* [Activity]:
Word for word, retype the tail of the data below, starting with the line that has "by apply: (sumsmx_sup" and including the last line.

Collected data entries
***

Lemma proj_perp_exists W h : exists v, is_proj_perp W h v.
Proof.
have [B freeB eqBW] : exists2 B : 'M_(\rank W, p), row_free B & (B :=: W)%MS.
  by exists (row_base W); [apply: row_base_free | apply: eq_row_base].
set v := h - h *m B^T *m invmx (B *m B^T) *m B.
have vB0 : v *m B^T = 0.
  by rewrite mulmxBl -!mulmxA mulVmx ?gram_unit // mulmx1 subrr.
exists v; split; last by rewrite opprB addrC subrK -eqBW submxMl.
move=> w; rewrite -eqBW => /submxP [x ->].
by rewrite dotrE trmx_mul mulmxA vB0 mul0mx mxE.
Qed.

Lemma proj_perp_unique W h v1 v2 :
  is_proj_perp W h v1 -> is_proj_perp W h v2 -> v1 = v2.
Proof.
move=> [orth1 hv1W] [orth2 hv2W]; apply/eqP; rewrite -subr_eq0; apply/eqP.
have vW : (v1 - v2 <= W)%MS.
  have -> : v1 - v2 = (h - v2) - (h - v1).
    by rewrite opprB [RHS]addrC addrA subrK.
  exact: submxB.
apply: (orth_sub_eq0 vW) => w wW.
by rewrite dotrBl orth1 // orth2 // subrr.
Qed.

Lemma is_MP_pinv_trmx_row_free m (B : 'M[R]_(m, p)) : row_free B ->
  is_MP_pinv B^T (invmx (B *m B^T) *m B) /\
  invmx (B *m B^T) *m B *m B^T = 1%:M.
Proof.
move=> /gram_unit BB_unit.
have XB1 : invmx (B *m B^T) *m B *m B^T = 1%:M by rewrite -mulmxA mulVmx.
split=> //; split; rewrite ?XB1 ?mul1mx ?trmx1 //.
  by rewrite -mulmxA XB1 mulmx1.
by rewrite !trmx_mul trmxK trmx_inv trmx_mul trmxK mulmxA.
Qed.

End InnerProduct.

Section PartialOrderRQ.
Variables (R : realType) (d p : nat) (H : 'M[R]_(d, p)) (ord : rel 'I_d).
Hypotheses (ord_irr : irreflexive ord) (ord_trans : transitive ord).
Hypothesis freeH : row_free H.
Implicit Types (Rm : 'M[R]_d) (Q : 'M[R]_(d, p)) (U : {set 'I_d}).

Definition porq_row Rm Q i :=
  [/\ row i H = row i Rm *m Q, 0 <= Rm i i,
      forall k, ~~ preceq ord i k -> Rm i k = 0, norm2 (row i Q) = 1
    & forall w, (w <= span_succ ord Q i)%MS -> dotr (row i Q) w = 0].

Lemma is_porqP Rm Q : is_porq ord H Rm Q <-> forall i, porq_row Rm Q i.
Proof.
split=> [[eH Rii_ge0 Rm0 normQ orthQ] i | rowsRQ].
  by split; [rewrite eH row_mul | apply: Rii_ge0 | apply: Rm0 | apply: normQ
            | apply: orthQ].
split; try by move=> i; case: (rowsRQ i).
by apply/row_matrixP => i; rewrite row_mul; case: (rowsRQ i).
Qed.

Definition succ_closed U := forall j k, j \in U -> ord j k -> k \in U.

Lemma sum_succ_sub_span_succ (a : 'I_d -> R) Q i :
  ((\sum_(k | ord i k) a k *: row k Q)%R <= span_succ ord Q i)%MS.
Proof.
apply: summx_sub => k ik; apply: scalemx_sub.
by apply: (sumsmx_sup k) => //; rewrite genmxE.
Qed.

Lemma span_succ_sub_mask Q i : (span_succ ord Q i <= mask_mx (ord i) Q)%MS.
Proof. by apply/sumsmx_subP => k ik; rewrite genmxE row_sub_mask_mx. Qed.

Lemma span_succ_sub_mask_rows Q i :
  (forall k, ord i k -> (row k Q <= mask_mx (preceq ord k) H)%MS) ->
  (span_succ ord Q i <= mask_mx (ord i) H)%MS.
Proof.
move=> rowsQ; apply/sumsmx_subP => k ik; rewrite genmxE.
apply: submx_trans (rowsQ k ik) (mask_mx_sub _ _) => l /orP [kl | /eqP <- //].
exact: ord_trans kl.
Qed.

***

* [Solution]:
by apply: (sumsmx_sup k) => //; rewrite genmxE.
Qed.

Lemma span_succ_sub_mask Q i : (span_succ ord Q i <= mask_mx (ord i) Q)%MS.
Proof. by apply/sumsmx_subP => k ik; rewrite genmxE row_sub_mask_mx. Qed.

Lemma span_succ_sub_mask_rows Q i :
  (forall k, ord i k -> (row k Q <= mask_mx (preceq ord k) H)%MS) ->
  (span_succ ord Q i <= mask_mx (ord i) H)%MS.
Proof.
move=> rowsQ; apply/sumsmx_subP => k ik; rewrite genmxE.
apply: submx_trans (rowsQ k ik) (mask_mx_sub _ _) => l /orP [kl | /eqP <- //].
exact: ord_trans kl.
Qed.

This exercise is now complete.